スズキがホンダを抜き、プジョーがボルボを抜く!?

国内の年間販売台数のことである。10月までの普通車と軽自動車を合わせた国内販売台数で、スズキがホンダを抜いた。この数字は年間を通しても変わらないと見られることから、07年はおそらくマスコミ各社の表現も「国産3位メーカーはスズキ」と表記されることになる。まぁ、ホンダがお金の力にモノを言わせて、「小型車だけなら3位はホンダ」と認めさせられれば、マスコミもだまる可能性は否定できないが・・・。来年からの報道各社の姿勢をよく見ておこう。

一方で、「スズキvsダイハツ戦争」と表現される国内軽自動車シェア1位争いは、スズキの小型車販売好調の影響を受け、06年通期でダイハツがトップの座を奪取する可能性が濃厚となっている。「国内3位のスズキ」「軽ナンバーワンのダイハツ」と両社はそれぞれ「勲章」を手にすることになるのか。
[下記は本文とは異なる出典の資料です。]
Lemma le_of_onem_mul_le c d : (forall t, 0 < t <= 1 -> (1 - t) * c <= d) -> c <= d.
Proof.
move=> le_d; have d0 : 0 <= d by have := le_d 1; rewrite ltr01 lexx subrr mul0r; apply.
rewrite leNgt; apply/negP => dc; have c0 : 0 < c by lra.
pose t := (c - d) / (2 * c).
have t0 : 0 < t by rewrite divr_gt0 ?subr_gt0 ?mulr_gt0.
have t1 : t <= 1 by rewrite ler_pdivrMr ?mulr_gt0 //; lra.
have := le_d t; rewrite t0 t1 => /(_ isT).
have -> : (1 - t) * c = (c + d) / 2 by rewrite /t; field; rewrite gt_eqF.
lra.
Qed.

Lemma sqr_le_mul_of_quadratic a b w : 0 <= a ->
  (forall l, 2 * l * w <= l ^+ 2 * a + b) -> w ^+ 2 <= a * b.
Proof.
move=> a0 quad_ge; have [a_0|an0] := eqVneq a 0.
  rewrite {}a_0 in quad_ge *.
  suff -> : w = 0 by rewrite expr0n mul0r.
  apply/eqP/negPn/negP => wn0; have := quad_ge ((b + 1) / (2 * w)).
  have -> : 2 * ((b + 1) / (2 * w)) * w = b + 1 by field.
  rewrite mulr0 add0r; lra.
have ap : 0 < a by rewrite lt_def an0 a0.
have := quad_ge (w / a).
have -> : 2 * (w / a) * w = 2 * (w ^+ 2 / a) by field.
have -> : (w / a) ^+ 2 * a = w ^+ 2 / a by field.
by rewrite -ler_pdivrMl // mulrC; lra.
Qed.

Lemma neg_le_add_of_sqr_le x a b : 0 <= a -> 0 <= b -> x ^+ 2 <= 4 * a * b -> - x <= a + b.
Proof.
move=> a0 b0 x_le; rewrite leNgt; apply/negP => lt_x.
have := sqr_ge0 (a - b); nra.
Qed.

Lemma sqr_maxr0B_le a b : (Num.max a 0 - Num.max b 0) ^+ 2 <= (a - b) ^+ 2.
Proof.
have := sqr_ge0 (a - b); rewrite !maxEle.
by case: (leP a 0) => ?; case: (leP b 0) => ?; rewrite ?subr0 ?sub0r ?sqrrN; nra.
Qed.

(* The hypothesis forces the complementarity conditions [a <= 0] and [x * a = 0]. *)
Lemma maxr0_step_fixed a p e x : 0 < p -> 0 <= e -> 0 <= x ->
  (forall t, - x <= t -> t * a - p / 2 * t ^+ 2 <= 0) -> Num.max (x + e * a) 0 = x.
Proof.
move=> p0 e0 x0 x_max.
have a_le0 : a <= 0.
  rewrite leNgt; apply/negP => a0.
  have := x_max (a / p); rewrite (le_trans _ (ltW (divr_gt0 a0 p0))) ?oppr_le0 //.
  have -> : a / p * a - p / 2 * (a / p) ^+ 2 = a ^+ 2 / (2 * p) by field; rewrite gt_eqF.
  by move=> /(_ isT); rewrite leNgt divr_gt0 ?exprn_gt0 ?mulr_gt0.
have [->|x_neq0] := eqVneq x 0.
  by rewrite add0r; apply/max_idPr; rewrite mulr_ge0_le0.
suff -> : a = 0 by rewrite mulr0 addr0; apply/max_idPl.
apply/eqP; rewrite eq_le a_le0 leNgt; apply/negP => a_lt0.
set t := Num.max (- x) (a / p).
have [xt at_] : - x <= t /\ a / p <= t by rewrite /t le_max lexx le_max lexx orbT.
have t_lt0 : t < 0 by rewrite /t gt_max oppr_lt0 lt_def x_neq0 x0 pmulr_llt0 ?invr_gt0.
have := x_max t xt; rewrite ler_pdivrMr // in at_; nra.
Qed.

Lemma contraction_factor_lt1 e (s : R) p : 0 < e -> 0 < p -> e < 2 * s / p ->
  1 - 2 * e * s + e ^+ 2 * p < 1.
Proof.
move=> e0 p0; rewrite ltr_pdivlMr // -(ltr_pM2l e0); lra.
Qed.

Lemma cvg_contraction0 (u : nat -> R) r (n0 : nat) : r < 1 ->
  (forall k, 0 <= u k) -> (forall k, (n0 <= k)%N -> u k.+1 <= r * u k) -> u @ \oo --> 0.
Proof.
move=> r1 u0 u_le; set r' := Num.max r 0.
have r'0 : 0 <= r' by rewrite le_max lexx orbT.
have rr' : r <= r' by rewrite le_max lexx.
have geo k : u (k + n0)%N <= geometric (u n0) r' k.
  elim: k => [|k IH]; first by rewrite add0n /= expr0 mulr1.
  rewrite addSn /= exprS mulrCA; apply: le_trans (u_le _ (leq_addl _ _)) _.
  by apply: le_trans (ler_wpM2r (u0 _) rr') _; rewrite ler_wpM2l.
rewrite -(cvg_shiftn n0); apply: (squeeze_cvgr _ (cvg_cst 0)).
  - by near=> k; rewrite u0 /=; apply: geo.
  - by apply: cvg_geometric; rewrite ger0_norm // gt_max r1 ltr01.
Unshelve. all: by end_near.
Qed.

Lemma cvg0_of_le_shift (u v : nat -> R) c (n0 : nat) : u @ \oo --> 0 ->
  (forall k, (n0 <= k)%N -> 0 <= v k.+1 <= c * u k) -> v @ \oo --> 0.
Proof.
move=> u_cvg v_le; rewrite -(cvg_shiftn 1).
have cu_cvg : (fun k => c * u k) @ \oo --> (0 : R) by rewrite -(mulr0 c); apply: cvgMr.
apply: (squeeze_cvgr _ (cvg_cst 0) cu_cvg); near=> k; rewrite /= addn1; apply: v_le.
by near: k; exists n0.
Unshelve. all: by end_near.
Qed.

End RealFacts.

Section Convexity1D.
Variable R : realType.

Lemma MVT_in_segment (g dg : R -> R) (lo hi a b : R) :
  (forall x, lo <= x <= hi -> is_derive x 1 g (dg x)) -> lo <= a -> a <= b -> b <= hi ->
  exists2 c, a <= c <= b & g b - g a = dg c * (b - a).
Proof.
move=> dgP loa ab bhi.
have inI x : a <= x <= b -> lo <= x <= hi.
  by case/andP=> ax xb; rewrite (le_trans loa ax) (le_trans xb bhi).
have dg_ab x : x \in `]a, b[ -> is_derive x 1 g (dg x).
  by move=> /itvP x_ab; apply/dgP/inI; rewrite !x_ab.
have g_cont : {within `[a, b], continuous g}.
  apply: derivable_within_continuous => x /itvP x_ab.
  by have [] := dgP x (inI x _); rewrite ?x_ab.
have [c /itvP c_ab ->] := MVT_segment ab dg_ab g_cont.
by exists c; rewrite ?c_ab.
Qed.

Lemma is_derive_half_sqr (k x : R) : is_derive x 1 (fun y : R => k / 2 * y ^+ 2) (k * x).
Proof. by apply: is_derive_eq; rewrite /GRing.scale /=; field. Qed.

Lemma strong_convex_chord (f df ddf : R -> R) (k t : R) :
  (forall x : R, 0 <= x <= 1 -> is_derive x 1 f (df x)) ->
  (forall x : R, 0 <= x <= 1 -> is_derive x 1 df (ddf x)) ->
  (forall x : R, 0 <= x <= 1 -> k <= ddf x) -> 0 <= t <= 1 ->
  f t <= (1 - t) * f 0 + t * f 1 - t * (1 - t) / 2 * k.
Proof.
move=> f_df df_ddf k_le /andP[t0 t1].
(* [p] has a nondecreasing derivative, so the slope of [p] on [0, t] is at most
   its slope on [t, 1]; this is the chord inequality for [p]. *)
pose p (x : R) := f x - k / 2 * x ^+ 2.
pose dp (x : R) := df x - k * x.
have p_dp (x : R) : 0 <= x <= 1 -> is_derive x 1 p (dp x).
  by move=> x01; apply: is_deriveB; [exact: f_df | exact: is_derive_half_sqr].
have dp_ddp (x : R) : 0 <= x <= 1 -> is_derive x 1 dp (ddf x - k).
  move=> x01; apply: is_deriveB; first exact: df_ddf.
  by apply: is_derive_eq; rewrite /GRing.scale /= mulr1.
have dp_mono (a b : R) : 0 <= a -> a <= b -> b <= 1 -> dp a <= dp b.
  move=> a0 ab b1; have [c /andP[ac cb] e] := MVT_in_segment dp_ddp a0 ab b1.
  have := k_le c; rewrite (le_trans a0 ac) (le_trans cb b1) => /(_ isT) kc.
  by rewrite -subr_ge0 e mulr_ge0 // subr_ge0.
have [eta /andP[eta0 etat] e1] := MVT_in_segment p_dp (lexx 0) t0 t1.
have [xi /andP[txi xi1] e2] := MVT_in_segment p_dp t0 t1 (lexx 1).
have t1' : 0 <= 1 - t by rewrite subr_ge0.
have dp_eta_xi : 0 <= dp xi - dp eta.
  by rewrite subr_ge0 dp_mono // (le_trans etat txi).
have := mulr_ge0 (mulr_ge0 t0 t1') dp_eta_xi.
move: e1 e2; rewrite /p /dp; nra.
Qed.

End Convexity1D.

Section Directional.
Variables (R : realType) (V : normedModType R).

Lemma is_derive_line (F : V -> R) (a v : V) (s : R) :
  derivable F (s *: v + a) v ->
  is_derive s 1 (fun r : R => F (r *: v + a)) ('D_v F (s *: v + a)).
Proof.
have E : (fun h : R => h^-1 *: ((fun r => F (r *: v + a)) (h *: 1 + s) - F (s *: v + a)))
  = (fun h : R => h^-1 *: (F (h *: v + (s *: v + a)) - F (s *: v + a))).
  by apply: funext => h; rewrite scalerDl addrA -[h *: 1]/(h * 1) mulr1.
by move=> dF; split; rewrite /derivable /derive /= E.
Qed.

Lemma derive_of_sqr_remainder (F : V -> R) (x v : V) (a B : R) :
  (forall t : R, `|F (t *: v + x) - F x - t * a| <= B * t ^+ 2) -> 'D_v F x = a.
Proof.
move=> rem; rewrite /derive; apply: cvg_lim => //.
apply/cvgrPdist_le => e e0; near=> t.
have t0 : t != 0 by near: t; exact: nbhs_dnbhs_neq.
have tB : `|t| * (`|B| + 1) < e.
  by rewrite -ltr_pdivlMr ?ltr_pwDr //; near: t; apply: dnbhs0_lt; rewrite divr_gt0 ?ltr_pwDr.
rewrite /= /GRing.scale /=.
have -> : a - t^-1 * (F (t *: v + x) - F x) = - (t^-1 * (F (t *: v + x) - F x - t * a)).
  by field.
rewrite normrN normrM normrV ?unitfE // ler_pdivrMl ?normr_gt0 //.
apply: le_trans (rem t) _; rewrite -(real_normK (num_real t)).
have := normr_ge0 t; have := ler_norm B; nra.
Unshelve. all: by end_near.
Qed.

End Directional.

Section Euclid.
Variables (R : realType) (k : nat).
Implicit Types u v w : 'rV[R]_k.

Lemma dotrC u v : dotr u v = dotr v u.
Proof. by apply: eq_bigr => j _; rewrite mulrC. Qed.

Lemma dotrDl u v w : dotr (u + v) w = dotr u w + dotr v w.
Proof. by rewrite /dotr -big_split; apply: eq_bigr => j _; rewrite mxE mulrDl. Qed.

Lemma dotrZl (a : R) u v : dotr (a *: u) v = a * dotr u v.
Proof. by rewrite /dotr mulr_sumr; apply: eq_bigr => j _; rewrite mxE mulrA. Qed.

Lemma dotrNl u v : dotr (- u) v = - dotr u v.
Proof. by rewrite -scaleN1r dotrZl mulN1r. Qed.

Lemma dotrBl u v w : dotr (u - v) w = dotr u w - dotr v w.
Proof. by rewrite dotrDl dotrNl. Qed.

Lemma dotrDr u v w : dotr u (v + w) = dotr u v + dotr u w.
Proof. by rewrite dotrC dotrDl !(dotrC u). Qed.

Lemma dotrZr (a : R) u v : dotr u (a *: v) = a * dotr u v.
Proof. by rewrite dotrC dotrZl dotrC. Qed.
(* Let $f\subseteq\mathcal{X}\times\mathcal{Y}\times\mathcal{Z}$ be a relation (finite sets), $X'Y'$ a distribution on $\mathcal{X}\times\mathcal{Y}$, $z\in\mathcal{Z}$, $\beta:=\Pr_{(x,y)\leftarrow X'Y'}[f(x,y)=\{z\}]$, and $c\ge1$. Let $\varepsilon,\varepsilon',\delta>0$ satisfy $(\delta+2\varepsilon)/(\beta-3\varepsilon)<(1+\varepsilon')\delta/\beta$. Let $\Pi$ be a zero-communication public-coin protocol run on input $(x,y)\leftarrow X'Y'$, with public coin $R$ (independent of the input), Alice's output $A=a(x,R)\in\mathcal{Z}\cup\{\bot\}$ and Bob's output $B=b(y,R)\in\mathcal{Z}\cup\{\bot\}$. Let $X^1Y^1A^1B^1R^1$ denote the distribution of $X'Y'ABR$ conditioned on the event $A=B\neq\bot$. Suppose 1. $\Pr[A=B\neq\bot]\ge2^{-c}$; 2. $\|X^1Y^1-X'Y'\|_1\le\varepsilon$; 3. $\Pr[(X^1,Y^1,A^1)\in f]\ge1-\varepsilon$. Then $\widetilde{\mathrm{srec}}^{z,X'Y'}_{(1+\varepsilon')\delta/\beta,\;\delta}(f)<c/\varepsilon$.
   Context: $\|\cdot\|_1$ denotes half the $\ell_1$ norm (total variation distance). $f(x,y):=\{z:(x,y,z)\in f\}$, $g^{-1}(z):=\{(x,y):(x,y,z)\in g\}$. Smooth rectangle bound: $\widetilde{\mathrm{rec}}^{z,\lambda}_{\varepsilon}(g):=\min\{\log_2(1/\lambda(R)) : R\text{ a rectangle with }\lambda(R)>0,\ \lambda(g^{-1}(z)\cap R)\ge(1-\varepsilon)\lambda(R)\}$ and $\widetilde{\mathrm{srec}}^{z,\lambda}_{\varepsilon,\delta}(f):=\max\{\widetilde{\mathrm{rec}}^{z,\lambda}_{\varepsilon}(g): g\subseteq\mathcal{X}\times\mathcal{Y}\times\mathcal{Z},\ \Pr_{(x,y)\leftarrow\lambda}[f(x,y)\neq g(x,y)]\le\delta\}$. *)

From mathcomp Require Import all_boot.
From Stdlib Require Import Reals.
Set Implicit Arguments. Unset Strict Implicit. Unset Printing Implicit Defensive.

Local Open Scope R_scope.

Definition sumR {T : finType} (F : T -> R) : R := \big[Rplus/0%R]_(t : T) F t.

Definition ind (b : bool) : R := if b then 1 else 0.

Definition is_distr {T : finType} (p : T -> R) : Prop :=
  (forall t, 0 <= p t) /\ sumR p = 1.

Definition log2 (x : R) : R := ln x / ln 2.

Definition tvdist {T : finType} (p q : T -> R) : R :=
  / 2 * sumR (fun t => Rabs (p t - q t)).

(* relations f ⊆ X×Y×Z are boolean predicates f x y z *)
Definition same_image {X Y Z : finType} (f g : X -> Y -> Z -> bool) (x : X) (y : Y)
  : bool := [forall u : Z, f x y u == g x y u].

Definition is_singleton_at {X Y Z : finType} (f : X -> Y -> Z -> bool) (z : Z)
  (x : X) (y : Y) : bool := [forall u : Z, f x y u == (u == z)].

Definition beta {X Y Z : finType} (f : X -> Y -> Z -> bool) (lam : X * Y -> R) (z : Z)
  : R := sumR (fun xy : X * Y => lam xy * ind (is_singleton_at f z xy.1 xy.2)).

Definition rect_mass {X Y : finType} (lam : X * Y -> R) (S : {set X}) (T : {set Y})
  : R := sumR (fun xy : X * Y => lam xy * ind ((xy.1 \in S) && (xy.2 \in T))).

Definition rect_mass_z {X Y Z : finType} (lam : X * Y -> R) (g : X -> Y -> Z -> bool)
  (z : Z) (S : {set X}) (T : {set Y}) : R :=
  sumR (fun xy : X * Y => lam xy * ind [&& xy.1 \in S, xy.2 \in T & g xy.1 xy.2 z]).

(* rec^{z,lam}_eps(g) < t, where rec is the minimum over admissible rectangles
   of log2(1/lam(R)) (minimum of the empty set = +infinity). Since there are
   finitely many rectangles, "min < t" is exactly "some admissible rectangle
   has value < t". *)
Definition rec_lt {X Y Z : finType} (g : X -> Y -> Z -> bool) (z : Z)
  (lam : X * Y -> R) (eps t : R) : Prop :=
  exists (S : {set X}) (T : {set Y}),
    0 < rect_mass lam S T /\
    (1 - eps) * rect_mass lam S T <= rect_mass_z lam g z S T /\
    log2 (1 / rect_mass lam S T) < t.

Definition prob_differ {X Y Z : finType} (f g : X -> Y -> Z -> bool) (lam : X * Y -> R)
  : R := sumR (fun xy : X * Y => lam xy * ind (~~ same_image f g xy.1 xy.2)).

(* srec^{z,lam}_{eps,delta}(f) < t : srec is the maximum of rec over the
   (finitely many) relations g with Pr[f <> g] <= delta; max < t iff every
   such g has rec < t. *)
Definition srec_lt {X Y Z : finType} (f : X -> Y -> Z -> bool) (z : Z)
  (lam : X * Y -> R) (eps delta t : R) : Prop :=
  forall g : X -> Y -> Z -> bool, prob_differ f g lam <= delta -> rec_lt g z lam eps t.

(* ---- zero-communication public-coin protocol ----
   Coin space W (finite) with distribution mu, independent of the input;
   Alice outputs a x w, Bob outputs b y w, None standing for ⊥. *)

Definition agree {X Y Z W : finType} (a : X -> W -> option Z) (b : Y -> W -> option Z)
  (x : X) (y : Y) (w : W) : bool := (a x w == b y w) && (a x w != None).

Definition prob_agree {X Y Z W : finType} (lam : X * Y -> R) (mu : W -> R)
  (a : X -> W -> option Z) (b : Y -> W -> option Z) : R :=
  sumR (fun p : (X * Y) * W => lam p.1 * mu p.2 * ind (agree a b p.1.1 p.1.2 p.2)).

Definition cond_XY {X Y Z W : finType} (lam : X * Y -> R) (mu : W -> R)
  (a : X -> W -> option Z) (b : Y -> W -> option Z) (xy : X * Y) : R :=
  sumR (fun w : W => lam xy * mu w * ind (agree a b xy.1 xy.2 w))
  / prob_agree lam mu a b.

Definition prob_cond_in_f {X Y Z W : finType} (f : X -> Y -> Z -> bool)
  (lam : X * Y -> R) (mu : W -> R)
  (a : X -> W -> option Z) (b : Y -> W -> option Z) : R :=
  sumR (fun p : (X * Y) * W =>
          lam p.1 * mu p.2 *
          ind (agree a b p.1.1 p.1.2 p.2 &&
               match a p.1.1 p.2 with Some u => f p.1.1 p.1.2 u | None => false end))
  / prob_agree lam mu a b.

(* For every coin value w, the inputs on which Alice (resp. Bob) outputs z form
   a set S_w (resp. T_w); the rectangle R_w := S_w x T_w is the candidate
   witness.  Averaged over the coin, Pr[A = B = z] = E_w lam(R_w), and the mass
   of the event "A = B = z but (x,y,z) is not in g" is
   E_w (lam(R_w) - lam(g^-1(z) n R_w)).

   Conditioning on agreement moves every input event by at most eps (total
   variation), so with P := Pr[A = B <> bot]:
     - Pr[A = B = z] >= P (beta - 2 eps), since f(x,y) = {z} together with
       (x,y,A) in f forces A = z;
     - the bad mass is <= P (delta + 2 eps), since an agreed output z off g
       means that (x,y,A) is not in f or that f and g differ at (x,y).
   Averaging over w then yields a rectangle R_w of mass > 2^(-c/eps)
   (as 2^(-c/eps) <= eps 2^(-c) <= eps P) on which g^-1(z) has relative mass
   >= 1 - (1 + eps') delta / beta, i.e. rec < c / eps for every g that is
   delta-close to f. *)

From Pilot Require Import Defs.
From HB Require Import structures.
From mathcomp Require Import all_boot.
From Stdlib Require Import Reals Lra Classical.
Set Implicit Arguments. Unset Strict Implicit. Unset Printing Implicit Defensive.
Local Open Scope R_scope.
(* The event indicator of Defs, which an imported library name would otherwise shadow. *)
Local Notation ind := Defs.ind.

HB.instance Definition _ :=
  Monoid.isComLaw.Build R 0 Rplus (fun x y z => esym (Rplus_assoc x y z)) Rplus_comm Rplus_0_l.

Lemma sumR_ext (T : finType) (F G : T -> R) : (forall t, F t = G t) -> sumR F = sumR G.
Proof. by move=> FG; apply: eq_bigr => t _. Qed.

Lemma sumR_plus (T : finType) (F G : T -> R) :
  sumR (fun t => F t + G t) = sumR F + sumR G.
Proof. exact: big_split. Qed.

Lemma sumR_scal (T : finType) (k : R) (F : T -> R) :
  sumR (fun t => k * F t) = k * sumR F.
Proof.
rewrite /sumR; elim/big_rec2: _ => [|t x y _ ->]; first by rewrite Rmult_0_r.
by rewrite Rmult_plus_distr_l.
Qed.

Lemma sumR_minus (T : finType) (F G : T -> R) :
  sumR (fun t => F t - G t) = sumR F - sumR G.
Proof.
rewrite (sumR_ext (G := fun t => F t + (-1) * G t)); last by move=> t; ring.
by rewrite sumR_plus sumR_scal; ring.
Qed.

Lemma sumR_le (T : finType) (F G : T -> R) :
  (forall t, F t <= G t) -> sumR F <= sumR G.
Proof.
move=> FG; rewrite /sumR; elim/big_ind2: _ => // [|x1 x2 y1 y2]; first exact: Rle_refl.
exact: Rplus_le_compat.
Qed.

Lemma sumR_abs (T : finType) (F : T -> R) : Rabs (sumR F) <= sumR (fun t => Rabs (F t)).
Proof.
rewrite /sumR; elim/big_ind2: _ => [|x1 x2 y1 y2 h1 h2|t _]; last exact: Rle_refl.
- by rewrite Rabs_R0; apply: Rle_refl.
- by apply: Rle_trans (Rabs_triang _ _) _; apply: Rplus_le_compat.
Qed.

Lemma sumR_pair (A B : finType) (F : A * B -> R) :
  sumR F = sumR (fun x => sumR (fun y => F (x, y))).
Proof. by rewrite /sumR pair_big; apply: eq_bigr => -[]. Qed.

Lemma sumR_swap (A B : finType) (F : A -> B -> R) :
  sumR (fun x => sumR (fun y => F x y)) = sumR (fun y => sumR (fun x => F x y)).
Proof. exact: exchange_big. Qed.

Lemma sumR_lt_exists (T : finType) (F G : T -> R) :
  sumR F < sumR G -> exists t, F t < G t.
Proof.
move=> FG; apply: NNPP => none; suff: sumR G <= sumR F by lra.
by apply: sumR_le => t; apply: Rnot_lt_le => lt; apply: none; exists t.
Qed.

Definition wmass {T : finType} (m : T -> R) (E : T -> bool) : R :=
  sumR (fun t => m t * ind (E t)).

Lemma ind_andb (b1 b2 : bool) : ind (b1 && b2) = ind b1 * ind b2.
Proof. by case: b1; case: b2; rewrite /ind /=; ring. Qed.

Section WeightedMass.
Variables (T : finType) (m : T -> R).

Lemma wmass_predT : wmass m (fun _ => true) = sumR m.
Proof. by apply: sumR_ext => t; rewrite /ind Rmult_1_r. Qed.

Lemma wmass_split (E F : T -> bool) :
  wmass m E = wmass m (fun t => E t && F t) + wmass m (fun t => E t && ~~ F t).
Proof.
rewrite /wmass -sumR_plus; apply: sumR_ext => t.
by rewrite /ind; case: (E t); case: (F t) => /=; ring.
Qed.

Lemma wmass_abs (E : T -> bool) : Rabs (wmass m E) <= wmass (fun t => Rabs (m t)) E.
Proof.
apply: Rle_trans (sumR_abs _) _; apply: sumR_le => t.
by rewrite Rabs_mult /ind; case: (E t); rewrite ?Rabs_R1 ?Rabs_R0; apply: Rle_refl.
Qed.

Lemma wmass_ext (E F : T -> bool) :
  (forall t, E t = F t) -> wmass m E = wmass m F.
Proof. by move=> EF; apply: sumR_ext => t; rewrite EF. Qed.

Hypothesis m_ge0 : forall t, 0 <= m t.

Lemma wmass_sub (E F : T -> bool) : (forall t, E t -> F t) -> wmass m E <= wmass m F.
Proof.
move=> EF; apply: sumR_le => t; apply: Rmult_le_compat_l; first exact: m_ge0.
by rewrite /ind; case: (boolP (E t)) => [/EF ->|_]; case: (F t); lra.
Qed.

Lemma wmass_union (E F G : T -> bool) : (forall t, G t -> E t || F t) ->
  wmass m G <= wmass m E + wmass m F.
Proof.
move=> sub; rewrite /wmass -sumR_plus; apply: sumR_le => t.
rewrite -Rmult_plus_distr_l; apply: Rmult_le_compat_l; first exact: m_ge0.
move: (sub t); rewrite /ind.
by case: (G t); case: (E t); case: (F t) => //= h; try lra; have := h isT.
Qed.

Lemma wmass_inter (E F G : T -> bool) : (forall t, E t -> G t) -> (forall t, F t -> G t) ->
  wmass m E + wmass m F - wmass m G <= wmass m (fun t => E t && F t).
Proof.
move=> EG FG; rewrite /wmass -sumR_plus -sumR_minus; apply: sumR_le => t.
rewrite -Rmult_plus_distr_l -Rmult_minus_distr_l; apply: Rmult_le_compat_l; first exact: m_ge0.
move: (EG t) (FG t); rewrite /ind.
case: (E t); case: (F t); case: (G t) => //= h1 h2; try lra.
all: by [have := h1 isT | have := h2 isT].
Qed.

End WeightedMass.

Lemma tvdist_event (T : finType) (q l : T -> R) (E : T -> bool) :
  sumR q = sumR l -> Rabs (wmass q E - wmass l E) <= tvdist q l.
Proof.
move=> same_total; pose d t := q t - l t; pose ad t := Rabs (d t).
have -> : wmass q E - wmass l E = wmass d E.
  by rewrite /wmass -sumR_minus; apply: sumR_ext => t; rewrite /d; ring.
have split_d : sumR d = wmass d E + wmass d (fun t => ~~ E t).
  by rewrite -wmass_predT (wmass_split d _ E).
have split_ad : sumR ad = wmass ad E + wmass ad (fun t => ~~ E t).
  by rewrite -wmass_predT (wmass_split ad _ E).
have d_total : sumR d = 0 by rewrite sumR_minus same_total; ring.
have abs_in : Rabs (wmass d E) <= wmass ad E := wmass_abs d E.
have abs_out : Rabs (wmass d (fun t => ~~ E t)) <= wmass ad (fun t => ~~ E t).
  exact: wmass_abs.
have -> : tvdist q l = / 2 * sumR ad by [].
have : Rabs (wmass d (fun t => ~~ E t)) = Rabs (wmass d E).
  by rewrite -Rabs_Ropp; congr Rabs; lra.
lra.
Qed.

Lemma Rpower2_pos (x : R) : 0 < Rpower 2 x.
Proof. exact: exp_pos. Qed.

Lemma ln2_ge_half : 1 <= 2 * ln 2.
Proof.
rewrite -[2 * ln 2]/(INR 2 * ln 2) -ln_pow; last lra.
rewrite -[X in X <= _]ln_exp; left; apply: ln_increasing; first exact: exp_pos.
by have := exp_le_3; rewrite /= Rmult_1_r; lra.
Qed.

(* x <= 2^(x-1) for x >= 2, from exp u >= 1 + u and 2 ln 2 >= 1. *)
Lemma le_Rpower2_pred (x : R) : 2 <= x -> x <= Rpower 2 (x - 1).
Proof.
move=> x_ge2.
have -> : x - 1 = 1 + (x - 2) by ring.
rewrite Rpower_plus Rpower_1; last lra.
have : 1 + (x - 2) * ln 2 <= Rpower 2 (x - 2) by exact: exp_ineq1_le.
have := ln2_ge_half; nra.
Qed.

Lemma Rpower2_scaled_le (c e : R) : 1 <= c -> 0 < e -> e <= / 2 ->
  Rpower 2 (- (c / e)) <= e * Rpower 2 (- c).
Proof.
move=> c_ge1 e_gt0 e_le.
have inv_ge2 : 2 <= / e.
  by rewrite -[2]Rinv_inv; apply: Rinv_le_contravar; lra.
have -> : - (c / e) = - c + - (c / e - c) by ring.
rewrite Rpower_plus Rmult_comm; apply: Rmult_le_compat_r; first exact: Rlt_le (Rpower2_pos _).
have key : / e <= Rpower 2 (c / e - c).
  apply: Rle_trans (le_Rpower2_pred inv_ge2) _; apply: Rle_Rpower; first lra.
  have -> : c / e - c = c * (/ e - 1) by rewrite /Rdiv; ring.
  nra.
rewrite Rpower_Ropp -{2}(Rinv_inv e).
exact: Rinv_le_contravar (Rinv_0_lt_compat _ e_gt0) key.
Qed.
国内輸入車販売市場である。06年度上半期(06年4月から9月)の輸入車登録台数は、首位のVWが2万5111台、以下メルセデス・ベンツ2万4770台、BMW2万3919台、BMWミニ7050台、アウディ6396台、ボルボ5529台、プジョー5261台の順(数字はJAIA調べ)。このうちボルボが前年比77.9%とずば抜けてシェアを落としている。このペースが下半期も続くようだと、ボルボが年度の累計登録台数で、「プジョーに逆転される」(業界事情通)のは確実な情勢だ。
さらにこの数字は「販売」台数ではなく「登録」台数である。賢明な本誌読者ならご承知のとおり、登録車がすべて消費者に渡っているわけではない。実際には、「流通在庫」の形で、販売会社の自社登録車が中古車として、流れている分が相当数ある。とくにボルボは、本誌が今年はじめから連載記事で指摘しているとおり、不具合問題や整備不良問題の顕在化による販売不振が深刻。「実需は登録台数の60%程度ではないか」(同)とも言われる。親会社のフォード社の経営不振ともあいまって、なんらかの抜本的対策が求められる。
本誌事情通によれば、インポーターであるPAGIについて、経営トップの更迭や、扱い車種ごとの卸業務の見直し、さらに日本人幹部従業員を中心とした大リストラなどが「間もなく具体化するのではないか」(PAGIの事情に詳しい人)ともささやかれ始めている。
果たして、ボルボ車の信頼回復のために、フォード社はどのような施策を講じてくるのか。確証が入り次第、本ブログで速報したいと思っている。
追記1
日産の国内販売の不調が伝えられて久しいが、11月20日発売予定の新型スカイラインの「予約状況が鈍い」(日産販売会社関係者)らしい。まぁ、いまや大きなセダンがたくさん売れる状況にないことは、誰もが知っていることで、とくにスカイラインの商品力を云々したりはしないが、日産としては、「クリスマス商戦の目玉」と位置づけているクルマだけに、「スカイラインが売れないと06年の累計販売台数の目論見が狂う」(別の事情通)ことにもなりかねない。どうする!ゴーン社長。
追記2
自動車殿堂のCOTYがレクサスLSに決まったことは、すでにお伝えしたとおりだが、11月14日決定予定のRJCでは、「三菱iの授賞が本命」(RJC重鎮)との情報が入ってきた。なんでも今週末開催予定になっているRJCのためのiの試乗会で,益子社長自らが出陣して、「選挙運動」を展開するらしい。「RJC会員はこうした選挙運動に弱い」(同)らしく、トヨタも渡邊社長が自ら出馬しないと、カローラの授賞はむずかしい雲行きだ。ただ、RJCには軽自動車の特別賞も用意されており、こちらは「ダイハツ・ムーウ゛の受賞が有力」(あるRJC選考委員)なため、「軽自動車がふたつも賞を獲って良いのか」(同)との指摘もあり、「カローラの芽も強い」(さらに別の会員)との見方が捨てきれない。しかし、トヨタ系列で賞を独占するのもまずいかな。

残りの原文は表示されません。